**TASK GOAL:** Reply with the data below, repeated exactly in full.

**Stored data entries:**
----------------------------------------

Lemma forces_bounded k s Q : forces k s Q -> exists B, forces_below B k s Q.
Proof.
elim: k s => [|k IH] s /=; first by case=> // H; exists 0; left.
case=> [H|[a [b [ab H]]]]; first by exists 0; left.
have [B1 H1] := IH _ (H true); have [B2 H2] := IH _ (H false).
exists (maxn b.+1 (maxn B1 B2)); right; exists a, b; rewrite ab leq_max leqnn.
by split=> //; case; [apply: forces_below_leq H1|apply: forces_below_leq H2];
  rewrite !leq_max leqnn ?orbT.
Qed.

Definition relabel_edge (h : nat -> nat) (x : (nat * nat) * bool) : (nat * nat) * bool :=
  ((h x.1.1, h x.1.2), x.2).

Definition board_below B (t : board) := forall x, x \in t -> x.1.1 < x.1.2 < B.

Lemma forces_below_relabel (h : nat -> nat) B k t s Q : {homo h : i j / i < j} ->
  forces_below B k t Q -> board_below B t -> {subset map (relabel_edge h) t <= s} ->
  forces k s (fun s' => exists t', [/\ Q t', board_below B t' &
                                       {subset map (relabel_edge h) t' <= s'}]).
Proof.
move=> hi; elim: k t s => [|k IH] t s /=.
  by case=> // HQ tB ts; left; exists t.
case=> [HQ|[a [b [abB H]]]] tB ts; first by left; exists t.
right; exists (h a), (h b); split; first by case/andP: abB => /hi.
move=> c; apply: IH (H c) _ _.
  by move=> x; rewrite mem_rcons in_cons => /orP [/eqP -> //|/tB].
by rewrite map_rcons; apply: subset_rcons2.
Qed.

Lemma contains_copy_relabel m (e : rel 'I_m) col (h : nat -> nat) t s :
  {homo h : i j / i < j} -> contains_copy e col t ->
  {subset map (relabel_edge h) t <= s} -> contains_copy e col s.
Proof.
move=> hi [f [fi fe]] ts; exists (h \o f); split=> [i j ij|i j ij eij].
  exact/hi/fi.
by apply: ts; apply: (map_f (relabel_edge h) (fe i j ij eij)).
Qed.

(* Vertices of the copy not covered by an edge of [t] can be moved to
   [B, B + m). *)
Lemma contains_copy_below m (e : rel 'I_m) col t B :
  contains_copy e col t -> board_below B t ->
  exists f : 'I_m -> nat, [/\ {homo f : i j / i < j},
    forall i j : 'I_m, i < j -> e i j -> ((f i, f j), col) \in t &
    forall i : 'I_m, f i < B + m].
Proof.
move=> [f [fi fe]] tB.
exists (fun i : 'I_m => if f i < B then f i else B + i); split.
- move=> i j ij; have := fi i j ij; case: ifP; case: ifP => /= *; lia.
- move=> i j ij eij; have fij := fe i j ij eij; have /andP [/= H1 H2] := tB _ fij.
  by rewrite H2 (ltn_trans H1 H2).
- by move=> i; case: ifP => /= *; have := ltn_ord i; lia.
Qed.

Definition colored (s : board) col a b := ((minn a b, maxn a b), col) \in s.

Lemma coloredC s col a b : colored s col a b = colored s col b a.
Proof. by rewrite /colored minnC maxnC. Qed.

Lemma coloredE s col a b : a < b -> colored s col a b = (((a, b), col) \in s).
Proof. by move=> /ltnW ab; rewrite /colored (minn_idPl ab) (maxn_idPr ab). Qed.

Lemma blue_clique_copy n (W : seq nat) s : uniq W -> size W = n ->
  {in W &, forall a b, a != b -> colored s false a b} ->
  contains_copy (@complete_rel n) false s.
Proof.
move=> uW sW Wb; set L := sort leq W.
have sL : sorted ltn L.
  by rewrite ltn_sorted_uniq_leq sort_uniq uW sort_sorted //; apply: leq_total.
have Li (i : 'I_n) : nth 0 L i \in W by rewrite -(mem_sort leq) mem_nth ?size_sort ?sW.
have Lmono : {homo (fun i : 'I_n => nth 0 L i) : i j / i < j}.
  by move=> i j; apply: (sorted_ltn_nth ltn_trans) => //; rewrite inE size_sort sW.
exists (fun i => nth 0 L i); split=> // i j ij _.
by rewrite -coloredE ?Lmono // Wb // neq_ltn Lmono.
Qed.

Definition remove_vertex m (T : rel 'I_m.+1) (v : 'I_m.+1) : rel 'I_m :=
  fun j j' => T (lift v j) (lift v j').

Lemma contains_copy_insert m (T : rel 'I_m.+1) (v : 'I_m.+1) (g : 'I_m -> nat) x s :
  symmetric T -> {homo g : i j / i < j} ->
  (forall i j : 'I_m, i < j -> remove_vertex T v i j -> ((g i, g j), true) \in s) ->
  (forall j : 'I_m, j < v -> g j < x) -> (forall j : 'I_m, v <= j -> x < g j) ->
  (forall j : 'I_m, T v (lift v j) -> colored s true (g j) x) ->
  contains_copy T true s.
Proof.
move=> Tsym gi gE gl gr gv.
have liftE (j : 'I_m) : (lift v j : nat) = j + (v <= j) by rewrite /= /bump addnC.
exists (fun i => if unlift v i is Some j then g j else x); split=> i i';
  case: unliftP => [j ->|->]; case: unliftP => [j' ->|->];
  rewrite ?liftE ?ltnn // => ii'.
- by apply: gi; move: ii'; case: (leqP v j); case: (leqP v j') => /= *; lia.
- by apply: gl; move: ii'; case: (leqP v j) => /= *; lia.
- by apply: gr; move: ii'; case: (leqP v j') => /= *; lia.
- by apply: gE; move: ii'; case: (leqP v j); case: (leqP v j') => /= *; lia.
- rewrite Tsym => /gv; rewrite coloredE //.
  by apply: gl; move: ii'; case: (leqP v j) => /= *; lia.
- move=> /gv; rewrite coloredC coloredE //.
  by apply: gr; move: ii'; case: (leqP v j') => /= *; lia.
Qed.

----------------------------------------

**RESPONSE AREA:**
Lemma forces_bounded k s Q : forces k s Q -> exists B, forces_below B k s Q.
Proof.
elim: k s => [|k IH] s /=; first by case=> // H; exists 0; left.
case=> [H|[a [b [ab H]]]]; first by exists 0; left.
have [B1 H1] := IH _ (H true); have [B2 H2] := IH _ (H false).
exists (maxn b.+1 (maxn B1 B2)); right; exists a, b; rewrite ab leq_max leqnn.
by split=> //; case; [apply: forces_below_leq H1|apply: forces_below_leq H2];
  rewrite !leq_max leqnn ?orbT.
Qed.

Definition relabel_edge (h : nat -> nat) (x : (nat * nat) * bool) : (nat * nat) * bool :=
  ((h x.1.1, h x.1.2), x.2).

Definition board_below B (t : board) := forall x, x \in t -> x.1.1 < x.1.2 < B.

Lemma forces_below_relabel (h : nat -> nat) B k t s Q : {homo h : i j / i < j} ->
  forces_below B k t Q -> board_below B t -> {subset map (relabel_edge h) t <= s} ->
  forces k s (fun s' => exists t', [/\ Q t', board_below B t' &
                                       {subset map (relabel_edge h) t' <= s'}]).
Proof.
move=> hi; elim: k t s => [|k IH] t s /=.
  by case=> // HQ tB ts; left; exists t.
case=> [HQ|[a [b [abB H]]]] tB ts; first by left; exists t.
right; exists (h a), (h b); split; first by case/andP: abB => /hi.
move=> c; apply: IH (H c) _ _.
  by move=> x; rewrite mem_rcons in_cons => /orP [/eqP -> //|/tB].
by rewrite map_rcons; apply: subset_rcons2.
Qed.

Lemma contains_copy_relabel m (e : rel 'I_m) col (h : nat -> nat) t s :
  {homo h : i j / i < j} -> contains_copy e col t ->
  {subset map (relabel_edge h) t <= s} -> contains_copy e col s.
Proof.
move=> hi [f [fi fe]] ts; exists (h \o f); split=> [i j ij|i j ij eij].
  exact/hi/fi.
by apply: ts; apply: (map_f (relabel_edge h) (fe i j ij eij)).
Qed.

(* Vertices of the copy not covered by an edge of [t] can be moved to
   [B, B + m). *)
Lemma contains_copy_below m (e : rel 'I_m) col t B :
  contains_copy e col t -> board_below B t ->
  exists f : 'I_m -> nat, [/\ {homo f : i j / i < j},
    forall i j : 'I_m, i < j -> e i j -> ((f i, f j), col) \in t &
    forall i : 'I_m, f i < B + m].
Proof.
move=> [f [fi fe]] tB.
exists (fun i : 'I_m => if f i < B then f i else B + i); split.
- move=> i j ij; have := fi i j ij; case: ifP; case: ifP => /= *; lia.
- move=> i j ij eij; have fij := fe i j ij eij; have /andP [/= H1 H2] := tB _ fij.
  by rewrite H2 (ltn_trans H1 H2).
- by move=> i; case: ifP => /= *; have := ltn_ord i; lia.
Qed.

Definition colored (s : board) col a b := ((minn a b, maxn a b), col) \in s.

Lemma coloredC s col a b : colored s col a b = colored s col b a.
Proof. by rewrite /colored minnC maxnC. Qed.

Lemma coloredE s col a b : a < b -> colored s col a b = (((a, b), col) \in s).
Proof. by move=> /ltnW ab; rewrite /colored (minn_idPl ab) (maxn_idPr ab). Qed.

Lemma blue_clique_copy n (W : seq nat) s : uniq W -> size W = n ->
  {in W &, forall a b, a != b -> colored s false a b} ->
  contains_copy (@complete_rel n) false s.
Proof.
move=> uW sW Wb; set L := sort leq W.
have sL : sorted ltn L.
  by rewrite ltn_sorted_uniq_leq sort_uniq uW sort_sorted //; apply: leq_total.
have Li (i : 'I_n) : nth 0 L i \in W by rewrite -(mem_sort leq) mem_nth ?size_sort ?sW.
have Lmono : {homo (fun i : 'I_n => nth 0 L i) : i j / i < j}.
  by move=> i j; apply: (sorted_ltn_nth ltn_trans) => //; rewrite inE size_sort sW.
exists (fun i => nth 0 L i); split=> // i j ij _.
by rewrite -coloredE ?Lmono // Wb // neq_ltn Lmono.
Qed.

Definition remove_vertex m (T : rel 'I_m.+1) (v : 'I_m.+1) : rel 'I_m :=
  fun j j' => T (lift v j) (lift v j').

Lemma contains_copy_insert m (T : rel 'I_m.+1) (v : 'I_m.+1) (g : 'I_m -> nat) x s :
  symmetric T -> {homo g : i j / i < j} ->
  (forall i j : 'I_m, i < j -> remove_vertex T v i j -> ((g i, g j), true) \in s) ->
  (forall j : 'I_m, j < v -> g j < x) -> (forall j : 'I_m, v <= j -> x < g j) ->
  (forall j : 'I_m, T v (lift v j) -> colored s true (g j) x) ->
  contains_copy T true s.
Proof.
move=> Tsym gi gE gl gr gv.
have liftE (j : 'I_m) : (lift v j : nat) = j + (v <= j) by rewrite /= /bump addnC.
exists (fun i => if unlift v i is Some j then g j else x); split=> i i';
  case: unliftP => [j ->|->]; case: unliftP => [j' ->|->];
  rewrite ?liftE ?ltnn // => ii'.
- by apply: gi; move: ii'; case: (leqP v j); case: (leqP v j') => /= *; lia.
- by apply: gl; move: ii'; case: (leqP v j) => /= *; lia.
- by apply: gr; move: ii'; case: (leqP v j') => /= *; lia.
- by apply: gE; move: ii'; case: (leqP v j); case: (leqP v j') => /= *; lia.
- rewrite Tsym => /gv; rewrite coloredE //.
  by apply: gl; move: ii'; case: (leqP v j) => /= *; lia.
- move=> /gv; rewrite coloredC coloredE //.
  by apply: gr; move: ii'; case: (leqP v j') => /= *; lia.
Qed.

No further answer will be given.